While it was typically slow on the security front for
August, a few vulnerabilities still managed to sneak through here and there.
Most newsworthy this week are new vulnerabilities in Internet Explorer and HP-UX
systems. In addition, online scams about hurricane relief efforts are already
emerging.

Details

Fortunately, hackers apparently take some time off in the
summer. Perhaps they’re looking to vacation like the rest of us because there
are seldom any big new threats discovered or exploited in August.

However, there are always new threats cropping up, and this
issue does have a few critical notes to share. Most of the news this week comes
from the commercial French security firm that runs the French Security Incident
Response Team (FrSIRT), a group that apparently didn’t take off this week.

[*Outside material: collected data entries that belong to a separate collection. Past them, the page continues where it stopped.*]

Lemma vnormD x y : vnorm (x + y) <= vnorm x + vnorm y.
Proof.
set S := \sum_(k < 4) (complex.Re (x k 0) * complex.Re (y k 0) +
                       complex.Im (x k 0) * complex.Im (y k 0)).
have vnorm2D : vnorm2 (x + y) = vnorm2 x + vnorm2 y + 2 * S.
  rewrite /vnorm2 mulr_sumr -!big_split; apply: eq_bigr => k _.
  by rewrite mxE normc2D.
have cs : S <= vnorm x * vnorm y.
  rewrite !vnormE -sqrtrM ?vnorm2_ge0 //.
  apply: le_trans (ler_norm S) _; rewrite -sqrtr_sqr ler_sqrt ?mulr_ge0 ?vnorm2_ge0 //.
  exact: cauchy_schwarz2.
rewrite -(ger0_norm (addr_ge0 (vnorm_ge0 x) (vnorm_ge0 y))) -sqrtr_sqr.
rewrite [vnorm (x + y)]vnormE ler_sqrt ?sqr_ge0 // vnorm2D.
have -> : (vnorm x + vnorm y) ^+ 2 =
  vnorm x ^+ 2 + vnorm y ^+ 2 + 2 * (vnorm x * vnorm y) by ring.
rewrite !vnormE !sqr_sqrtr ?vnorm2_ge0 // -!vnormE; lra.
Qed.

Lemma vnorm_sum n (f : 'I_n -> 'cV[R[i]]_4) :
  vnorm (\sum_(i < n) f i) <= \sum_(i < n) vnorm (f i).
Proof.
elim/big_ind2: _ => [|v1 r1 v2 r2 h1 h2|//]; first by rewrite vnorm0.
exact: le_trans (vnormD _ _) (lerD h1 h2).
Qed.

Lemma vnormZ c x : vnorm (c *: x) = Num.sqrt (normc2 c) * vnorm x.
Proof.
rewrite !vnormE -sqrtrM ?normc2_ge0 //; congr Num.sqrt.
by rewrite /vnorm2 mulr_sumr; apply: eq_bigr => k _; rewrite mxE normc2M.
Qed.

Lemma vnormZ_real (r : R) x : vnorm (cR r *: x) = `|r| * vnorm x.
Proof. by rewrite vnormZ normc2_real sqrtr_sqr. Qed.

Lemma normc2_le_vnorm2 x j : normc2 (x j 0) <= vnorm2 x.
Proof. by rewrite /vnorm2 (bigD1 j) //= lerDl sumr_ge0 // => k _; apply: normc2_ge0. Qed.

Lemma mulmx_colE M x : M *m x = \sum_(j < 4) x j 0 *: col j M.
Proof.
apply/matrixP => i k; rewrite !mxE summxE; apply: eq_bigr => j _.
by rewrite !mxE (ord1 k) mulrC.
Qed.

Lemma vnorm_mulmx_le_cols M x :
  vnorm x <= 1 -> vnorm (M *m x) <= \sum_(j < 4) vnorm (col j M).
Proof.
move=> x1; rewrite mulmx_colE; apply: le_trans (vnorm_sum _) _.
apply: ler_sum => j _; rewrite vnormZ -[leRHS]mul1r ler_wpM2r ?vnorm_ge0 //.
by apply: le_trans x1; rewrite vnormE ler_sqrt ?vnorm2_ge0 ?normc2_le_vnorm2.
Qed.

Lemma opnorm_ge_vnorm M x : vnorm x <= 1 -> vnorm (M *m x) <= opnorm M.
Proof.
move=> x1; apply: ub_le_sup; last by exists x.
exists (\sum_(j < 4) vnorm (col j M)) => _ [z z1 <-].
exact: vnorm_mulmx_le_cols.
Qed.

Lemma opnorm_le M (c : R) :
  (forall x, vnorm x <= 1 -> vnorm (M *m x) <= c) -> opnorm M <= c.
Proof.
move=> Mc; apply: ge_sup; last by move=> _ [x x1 <-]; apply: Mc.
by exists (vnorm (M *m 0)), 0 => //=; rewrite vnorm0 ler01.
Qed.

A new critical remotely exploitable vulnerability has
surfaced in newer
versions of Microsoft Internet Explorer
. At this time, there doesn’t appear
to be a patch for the remote code execution threat. No details are currently
available, and the threat doesn’t appear to have produced any actual real-world
attacks as yet.

According to FrSIRT’s report,
the threat applies to IE 6 for Windows XP and Windows XP Service Pack 1—but
apparently not to Windows XP SP2. Of course, this is just preliminary
information, and I can’t make my own assessment without more details.

However, the original report appears to stem from a site
called Security
Protocols
, which does indicate that the threat affects IE 6 on a fully
patched version of Windows XP SP2. According to the Web site, Microsoft has
received reports of the vulnerability.

According to FrSIRT, the vulnerability also affects IE 5.01
SP4 and IE 6 SP1 on Windows 2000 SP4, IE 6 on all versions of Windows Server
2003, and IE 6 on Windows XP Professional x64 Edition.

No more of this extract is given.